Dataset entries:
Lemma powR_tangent t x y : 0 < t < 1 -> 0 < x -> 0 <= y ->
  y `^ t <= x `^ t + t * x `^ (t - 1) * (y - x).
Proof.
move=> t01 x0 y0; have t0 : 0 < t by case/andP: t01.
have yx0 : 0 <= y / x by rewrite divr_ge0 // ltW.
have -> : y `^ t = x `^ t * (y / x) `^ t.
  by rewrite -powRM // ?ltW // mulrC divfK ?gt_eqF.
rewrite [leRHS](_ : _ = x `^ t * (t * (y / x) + (1 - t))); last first.
  by rewrite -(mulr_powRB1 (ltW x0) t0); field; rewrite gt_eqF.
by rewrite ler_wpM2l ?powR_ge0 // powR_le_affine.
Qed.

Lemma powR_subr_ge t a b : 0 < t < 1 -> 0 < a -> 0 <= b -> b <= a ->
  a `^ (t - 1) * (a - b) <= (a `^ t - b `^ t) / t.
Proof.
move=> t01 a0 b0 ba; have t0 : 0 < t by case/andP: t01.
have := powR_tangent t01 a0 b0; rewrite ler_pdivlMr //; lra.
Qed.

Lemma powR_subr_le t a b : 0 < t < 1 -> 0 < b -> b <= a ->
  (a `^ t - b `^ t) / t <= b `^ (t - 1) * (a - b).
Proof.
move=> t01 b0 ba; have t0 : 0 < t by case/andP: t01.
have := powR_tangent t01 b0 (le_trans (ltW b0) ba); rewrite ler_pdivrMr //; lra.
Qed.

Lemma powR_nonincr p a b : p <= 0 -> 0 < a -> a <= b -> b `^ p <= a `^ p.
Proof.
move=> p0 a0 ab; have b0 := lt_le_trans a0 ab.
have -> : p = - (- p) by rewrite opprK.
rewrite (powRN a) (powRN b) lef_pV2 ?posrE ?powR_gt0 //.
by apply: ler_powRl; rewrite ?oppr_ge0 // ltW.
Qed.

Lemma powR_doubling t C a b : 0 < t -> 0 < a -> a <= b -> b <= C * a ->
  a `^ (t - 1) <= C * b `^ (t - 1).
Proof.
move=> t0 a0 ab bCa; have b0 := lt_le_trans a0 ab.
rewrite -(ler_pM2l a0) (mulr_powRB1 (ltW a0) t0).
apply: le_trans (ler_powRl (ltW t0) (ltW a0) ab) _.
rewrite -(mulr_powRB1 (ltW b0) t0) mulrA [a * C]mulrC.
by apply: ler_wpM2r; rewrite ?powR_ge0.
Qed.

Lemma telescope_powR t f N :
  \sum_(0 <= k < N) (f k `^ t - f k.+1 `^ t) / t = (f 0 `^ t - f N `^ t) / t.
Proof.
rewrite (telescope_sumr_eq (fun k => - (f k `^ t / t))) //; last first.
  by move=> k _; rewrite mulrBl opprK addrC.
by rewrite opprK addrC mulrBl.
Qed.

Lemma sum_powR_steps_le t f N : 0 < t < 1 ->
    (forall k, 0 < f k) -> (forall k, f k.+1 <= f k) ->
  \sum_(0 <= k < N) f k `^ (t - 1) * (f k - f k.+1) <= (f 0 `^ t - f N `^ t) / t.
Proof.
move=> t01 f0 fS; rewrite -telescope_powR; apply: ler_sum => k _.
exact: powR_subr_ge (ltW (f0 _)) (fS k).
Qed.

Lemma sum_powR_steps_ge t C f N : 0 < t < 1 -> 0 < C ->
    (forall k, 0 < f k) -> (forall k, f k.+1 <= f k) ->
    (forall k, f k <= C * f k.+1) ->
  (f 0 `^ t - f N `^ t) / (t * C) <= \sum_(0 <= k < N) f k `^ (t - 1) * (f k - f k.+1).
Proof.
move=> t01 C0 f0 fS fC; have t0 : 0 < t by case/andP: t01.
rewrite invfM mulrA -telescope_powR mulr_suml; apply: ler_sum => k _.
rewrite ler_pdivrMr //; apply: le_trans (powR_subr_le t01 (f0 _) (fS k)) _.
rewrite mulrAC; apply: ler_wpM2r; first by rewrite subr_ge0.
by rewrite mulrC; apply: powR_doubling.
Qed.

Lemma powR_le_half t theta a b : 0 < t -> 0 < theta -> 0 <= a ->
  2 <= theta `^ t -> theta * a <= b -> a `^ t <= b `^ t / 2.
Proof.
move=> t0 th0 a0 th2 ab; rewrite ler_pdivlMr //.
have tha0 : 0 <= theta * a by rewrite mulr_ge0 // ltW.
apply: le_trans (ler_powRl (ltW t0) tha0 ab); rewrite powRM ?(ltW th0) // mulrC.
by rewrite ler_wpM2r ?powR_ge0.
Qed.

Lemma inv_eps_bounds t C : 1 <= C -> 0 < t < 1 ->
  1 <= ((2 * C) `^ (- (3 / t)))^-1 /\ 2 <= (((2 * C) `^ (- (3 / t)))^-1) `^ t.
Proof.
move=> C1 /andP[t0 _]; have C2 : 1 <= 2 * C by lra.
rewrite powRN invrK -powRrM divfK ?gt_eqF //; split.
  by rewrite -[X in X <= _](powRr0 (2 * C)) ler_powR // divr_ge0 // ltW.
by apply: le_trans (le1r_powR C2 _); lra.
Qed.

End PowerInequalities.

(* The power weight need not be measurable (rho is not assumed measurable), but
   the integral of a nonnegative function is a supremum over simple functions
   below it, so it is monotone without measurability. *)
Lemma ge0_le_integral_nonmeasurable d (T : measurableType d) (R : realType)
    (mu : {measure set T -> \bar R}) (D : set T) (f g : T -> \bar R) :
  (forall x, D x -> (0 <= f x)%E) -> (forall x, D x -> (f x <= g x)%E) ->
  (\int[mu]_(x in D) f x <= \int[mu]_(x in D) g x)%E.
Proof.
move=> f0 fg.
have g0 x : D x -> (0 <= g x)%E by move=> Dx; exact: le_trans (f0 x Dx) (fg x Dx).
rewrite !(integral_mkcond D) !ge0_integralTE; try exact: erestrict_ge0.
apply: ereal_sup_le => _ [h hf <-]; exists h => //= x.
exact: le_trans (hf x) (lee_restrict fg x).
Qed.

Section BallMeasure.
Context {d : measure_display} {X : measurableType d} {R : realType}.
Variables (rho : X -> X -> R) (A0 C : R) (mu : {measure set X -> \bar R}) (xt : X).
Hypothesis HT : homogeneous_type rho A0 mu C.
Implicit Types (r s c : R).

Let QM : quasi_metric rho A0. Proof. by case: HT. Qed.
Let DB : doubling rho mu C. Proof. by case: HT. Qed.

Lemma rho_ge0 x y : 0 <= rho x y. Proof. by case: QM. Qed.
Lemma rho_eq0 x y : rho x y = 0 <-> x = y. Proof. by case: QM. Qed.
Lemma rhoxx x : rho x x = 0. Proof. exact/rho_eq0. Qed.
Lemma rhoC x y : rho x y = rho y x. Proof. by case: QM. Qed.

Lemma rho_gt0 x y : x <> y -> 0 < rho x y.
Proof. by move=> xy; rewrite lt0r rho_ge0 andbT; apply/eqP => /rho_eq0. Qed.

Lemma measurable_qball r : 0 <= r -> measurable (qball rho xt r).
Proof. by case: HT => _ + _ _; apply. Qed.

Lemma qball0 : qball rho xt 0 = [set xt]. Proof. by rewrite /qball eqxx. Qed.

Lemma qballE r : 0 < r -> qball rho xt r = [set y | rho xt y < r].
Proof. by move=> r0; rewrite /qball gt_eqF. Qed.

Lemma qball_sub r s : 0 <= r -> r <= s -> qball rho xt r `<=` qball rho xt s.
Proof.
move=> r0 rs; have [s0|s0] := eqVneq s 0.
  have -> : r = 0 by apply/eqP; rewrite eq_le r0 -s0 rs.
  by rewrite s0.
have s0' : 0 < s by rewrite lt0r s0 (le_trans r0).
rewrite (qballE s0') /qball; case: ifPn => [_ y -> /=|r0' y /= yr].
  by rewrite rhoxx.
exact: lt_le_trans rs.
Qed.

Lemma qball_fin r : 0 <= r -> (mu (qball rho xt r) < +oo)%E.
Proof.
move=> r0; have [_ _ fin] := DB xt (ltr_wpDl r0 ltr01).
apply: le_lt_trans fin; apply: le_measure; rewrite ?inE.
- exact: measurable_qball.
- by apply: measurable_qball; lra.
- by apply: qball_sub => //; lra.
Qed.

Lemma qball_gt0 r : 0 < r -> (0 < mu (qball rho xt r))%E.
Proof.
move=> r0; have [+ _ _] := DB xt (divr_gt0 r0 (ltr0n _ 2)).
by rewrite mulrC divfK.
Qed.

Definition vol r := fine (mu (qball rho xt r)).

Lemma volE r : 0 <= r -> mu (qball rho xt r) = (vol r)%:E.
Proof. by move=> r0; rewrite /vol fineK // ge0_fin_numE ?qball_fin. Qed.

Lemma mu_set1 : mu [set xt] = (vol 0)%:E.
Proof. by rewrite -qball0 volE. Qed.

Lemma vol_ge0 r : 0 <= vol r. Proof. exact: fine_ge0. Qed.

Lemma vol_gt0 r : 0 < r -> 0 < vol r.
Proof. by move=> r0; rewrite -lte_fin -(volE (ltW r0)) qball_gt0. Qed.

Lemma le_vol r s : 0 <= r -> r <= s -> vol r <= vol s.
Proof.
move=> r0 rs; have s0 := le_trans r0 rs.
rewrite -lee_fin -!volE //; apply: le_measure; rewrite ?inE.
- exact: measurable_qball.
- exact: measurable_qball.
- exact: qball_sub.
Qed.

Lemma vol_doubling r : 0 < r -> vol (2 * r) <= C * vol r.
Proof.
move=> r0; have [_ + _] := DB xt r0.
rewrite (volE (ltW r0)) volE; last by rewrite mulr_ge0 // ltW.
by rewrite -EFinM lee_fin.
Qed.

Lemma doubling_const_ge1 : 1 <= C.
Proof.
have v1 := vol_gt0 ltr01; rewrite -(ler_pM2r v1) mul1r.
by apply: le_trans (vol_doubling ltr01); apply: le_vol => //; lra.
Qed.

Lemma doubling_const_gt0 : 0 < C.
Proof. exact: lt_le_trans ltr01 doubling_const_ge1. Qed.

Lemma measurable_center : measurable [set xt].
Proof. by rewrite -qball0; exact: measurable_qball. Qed.

Section PowerWeight.
Variable t : R.
Hypothesis t01 : 0 < t < 1.
Let u := power_weight rho mu t xt.

Lemma power_weightE x :
  u x = if vol (rho xt x) == 0 then +oo%E else (vol (rho xt x) `^ (t - 1))%:E.
Proof. by rewrite /u /power_weight rhoC opprB. Qed.

Lemma power_weight_ge0 x : (0 <= u x)%E.
Proof. by rewrite power_weightE; case: ifP => // _; rewrite lee_fin powR_ge0. Qed.

Lemma integral_atom_le (D : set X) : measurable D -> D xt ->
  (\int[mu]_(x in D) (u xt * (\1_[set xt] x)%:E) <= (vol 0 `^ t)%:E)%E.
Proof.
move=> mD Dxt; have t0 : 0 < t by case/andP: t01.
have m1 : measurable_fun D (fun x => (\1_[set xt] x)%:E : \bar R).
  by apply/measurable_EFinP; apply: measurable_indic; exact: measurable_center.
rewrite (ge0_integralZl _ mD m1); last 2 first.
- by move=> x _; rewrite lee_fin indicE; case: (x \in _).
- exact: power_weight_ge0.
rewrite integral_indic //; last exact: measurable_center.
rewrite setIidl; last by move=> x ->.
(* If mu {xt} = 0, then u xt = +oo, but +oo * 0 = 0. *)
rewrite mu_set1 power_weightE rhoxx; case: ifPn => [/eqP ->|_].
  by rewrite mule0 lee_fin powR_ge0.
by rewrite -EFinM lee_fin mulrC mulr_powRB1 // vol_ge0.
Qed.

Section DyadicAnnuli.
Variable R0 : R.
Hypothesis R0_gt0 : 0 < R0.

Definition radius k := R0 / 2 ^+ k.

Definition annulus k := qball rho xt (radius k) `\` qball rho xt (radius k.+1).

Lemma radius_gt0 k : 0 < radius k. Proof. by rewrite divr_gt0 // exprn_gt0. Qed.

Lemma radius0 : radius 0 = R0. Proof. by rewrite /radius expr0 divr1. Qed.

Lemma radiusS k : radius k = 2 * radius k.+1.
Proof. by rewrite /radius exprS; field; rewrite expf_neq0. Qed.

Lemma radius_le j k : (j <= k)%N -> radius k <= radius j.
Proof.
move=> /subnK <-; elim: (k - j)%N => [|n IH]; first by rewrite add0n.
by apply: le_trans IH; rewrite addSn [leRHS]radiusS; have := radius_gt0 (n + j).+1; lra.
Qed.

Lemma radius_small r : 0 < r -> exists n, radius n.+1 <= r.
Proof.
move=> r0; have h := archi_boundP (ltW (divr_gt0 R0_gt0 r0)).
exists (Num.bound (R0 / r)); rewrite /radius ler_pdivrMr ?exprn_gt0 //.
rewrite mulrC -ler_pdivrMr //; apply: (le_trans (ltW h)).
rewrite -natrX ler_nat; apply: ltnW; apply: leq_trans (@ltn_expl 2 _ isT) _.
by rewrite leq_exp2l.
Qed.

Lemma annulusE k x : annulus k x <-> radius k.+1 <= rho xt x < radius k.
Proof.
rewrite /annulus !qballE ?radius_gt0 //=; split.
  by move=> [xk /negP]; rewrite -leNgt xk andbT.
by move=> /andP[kx xk]; split => //; apply/negP; rewrite -leNgt.
Qed.

Lemma measurable_annulus k : measurable (annulus k).
Proof. by apply: measurableD; apply: measurable_qball; exact: ltW (radius_gt0 _). Qed.

Lemma annulus_sub k : annulus k `<=` qball rho xt R0.
Proof.
move=> x /annulusE /andP[_ xk]; rewrite qballE //=.
by apply: lt_le_trans xk _; rewrite -radius0 radius_le.
Qed.

Lemma annulus_uniq j k x : annulus j x -> annulus k x -> j = k.
Proof.
move=> /annulusE /andP[jx xj] /annulusE /andP[kx xk].
by apply/eqP; rewrite eqn_leq; apply/andP; split; rewrite leqNgt;
  apply/negP => /radius_le; lra.
Qed.

Lemma annulus_cover x : x <> xt -> qball rho xt R0 x -> exists k, annulus k x.
Proof.
move=> xxt; rewrite qballE //= => xR.
have [n nx nmin] := ex_minnP (radius_small (rho_gt0 (nesym xxt))).
exists n; apply/annulusE; rewrite nx /=.
case: n nx nmin => [|k] _ nmin; first by rewrite radius0.
by rewrite ltNge; apply/negP => /nmin; rewrite ltnn.
Qed.

Lemma bigcap_qball_radius : \bigcap_n qball rho xt (radius n) = [set xt].
Proof.
apply/seteqP; split => [x xB|_ -> n _].
  apply: contrapT => xxt; have [n rn] := radius_small (rho_gt0 (nesym xxt)).
  by have := xB n.+1 I; rewrite (qballE (radius_gt0 _)) /=; lra.
by rewrite (qballE (radius_gt0 n)) /= rhoxx radius_gt0.
Qed.

Lemma mu_annulus k : mu (annulus k) = (vol (radius k) - vol (radius k.+1))%:E.
Proof.
have r0 j := ltW (radius_gt0 j).
rewrite measureD; try exact: measurable_qball; last exact: qball_fin.
rewrite setIidr; last exact: qball_sub (radius_le (leqnSn k)).
by rewrite EFinB -!volE.
Qed.

Lemma vol_radius_gt0 k : 0 < vol (radius k).
Proof. exact: vol_gt0 (radius_gt0 k). Qed.

Lemma vol_radiusS_le k : vol (radius k.+1) <= vol (radius k).
Proof. exact: le_vol (ltW (radius_gt0 _)) (radius_le (leqnSn k)). Qed.

Lemma vol_radius_doubling k : vol (radius k) <= C * vol (radius k.+1).
Proof. by rewrite radiusS; apply: vol_doubling; exact: radius_gt0. Qed.

Lemma vol_radius_cvg : vol \o radius @ \oo --> vol 0.
Proof.
have := @nonincreasing_cvg_mu _ _ _ mu (fun n => qball rho xt (radius n)).
rewrite bigcap_qball_radius mu_set1 => /(_ (qball_fin (ltW (radius_gt0 0)))).
have mxt : measurable [set xt] by rewrite -qball0; exact: measurable_qball.
move=> /(_ (fun n => measurable_qball (ltW (radius_gt0 n))) mxt).
have nonincr : nonincreasing_seq (fun n => qball rho xt (radius n)).
  move=> a b ab; apply/subsetPset; apply: qball_sub (radius_le ab).
  exact: ltW (radius_gt0 _).
by move=> /(_ nonincr) /fine_cvgP[].
Qed.

Lemma power_weight_annulus k x : annulus k x ->
  ((vol (radius k) `^ (t - 1))%:E <= u x <= (C * vol (radius k) `^ (t - 1))%:E)%E.
Proof.
move=> /annulusE /andP[kx xk]; have /andP[t0 t1] := t01.
have rx0 : 0 < rho xt x := lt_le_trans (radius_gt0 _) kx.
have vx0 : 0 < vol (rho xt x) := vol_gt0 rx0.
have vx_le : vol (rho xt x) <= vol (radius k) := le_vol (ltW rx0) (ltW xk).
have vk_le : vol (radius k) <= C * vol (rho xt x).
  apply: le_trans (vol_radius_doubling k) _.
  apply: ler_wpM2l; first exact: le_trans ler01 doubling_const_ge1.
  exact: le_vol (ltW (radius_gt0 _)) kx.
rewrite power_weightE gt_eqF // !lee_fin; apply/andP; split.
  by apply: powR_nonincr => //; rewrite subr_le0 ltW.
exact: powR_doubling.
Qed.

Lemma integral_annulus_step c k : 0 <= c ->
  (\int[mu]_(x in qball rho xt R0) (c%:E * (\1_(annulus k) x)%:E)
     = (c * (vol (radius k) - vol (radius k.+1)))%:E)%E.
Proof.
move=> c0; have mB := measurable_qball (ltW R0_gt0).
have m1 : measurable_fun (qball rho xt R0) (fun x => (\1_(annulus k) x)%:E : \bar R).
  by apply/measurable_EFinP; apply: measurable_indic; exact: measurable_annulus.
rewrite (ge0_integralZl _ mB m1); last 2 first.
- by move=> x _; rewrite lee_fin indicE; case: (x \in _).
- by rewrite lee_fin.
rewrite integral_indic ?setIidl //; last exact: measurable_annulus.
  by rewrite mu_annulus -EFinM.
exact: annulus_sub.
Qed.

TASK DESCRIPTION:
For this exercise, output exactly the lines above from the line with "exact: le_trans (hf x) (lee_restrict fg x)." to the line with "by rewrite rhoxx.", counting both, and leave out the rest.

OUTPUT FOR THIS EXERCISE:
exact: le_trans (hf x) (lee_restrict fg x).
Qed.

Section BallMeasure.
Context {d : measure_display} {X : measurableType d} {R : realType}.
Variables (rho : X -> X -> R) (A0 C : R) (mu : {measure set X -> \bar R}) (xt : X).
Hypothesis HT : homogeneous_type rho A0 mu C.
Implicit Types (r s c : R).

Let QM : quasi_metric rho A0. Proof. by case: HT. Qed.
Let DB : doubling rho mu C. Proof. by case: HT. Qed.

Lemma rho_ge0 x y : 0 <= rho x y. Proof. by case: QM. Qed.
Lemma rho_eq0 x y : rho x y = 0 <-> x = y. Proof. by case: QM. Qed.
Lemma rhoxx x : rho x x = 0. Proof. exact/rho_eq0. Qed.
Lemma rhoC x y : rho x y = rho y x. Proof. by case: QM. Qed.

Lemma rho_gt0 x y : x <> y -> 0 < rho x y.
Proof. by move=> xy; rewrite lt0r rho_ge0 andbT; apply/eqP => /rho_eq0. Qed.

Lemma measurable_qball r : 0 <= r -> measurable (qball rho xt r).
Proof. by case: HT => _ + _ _; apply. Qed.

Lemma qball0 : qball rho xt 0 = [set xt]. Proof. by rewrite /qball eqxx. Qed.

Lemma qballE r : 0 < r -> qball rho xt r = [set y | rho xt y < r].
Proof. by move=> r0; rewrite /qball gt_eqF. Qed.

Lemma qball_sub r s : 0 <= r -> r <= s -> qball rho xt r `<=` qball rho xt s.
Proof.
move=> r0 rs; have [s0|s0] := eqVneq s 0.
  have -> : r = 0 by apply/eqP; rewrite eq_le r0 -s0 rs.
  by rewrite s0.
have s0' : 0 < s by rewrite lt0r s0 (le_trans r0).
rewrite (qballE s0') /qball; case: ifPn => [_ y -> /=|r0' y /= yr].
  by rewrite rhoxx.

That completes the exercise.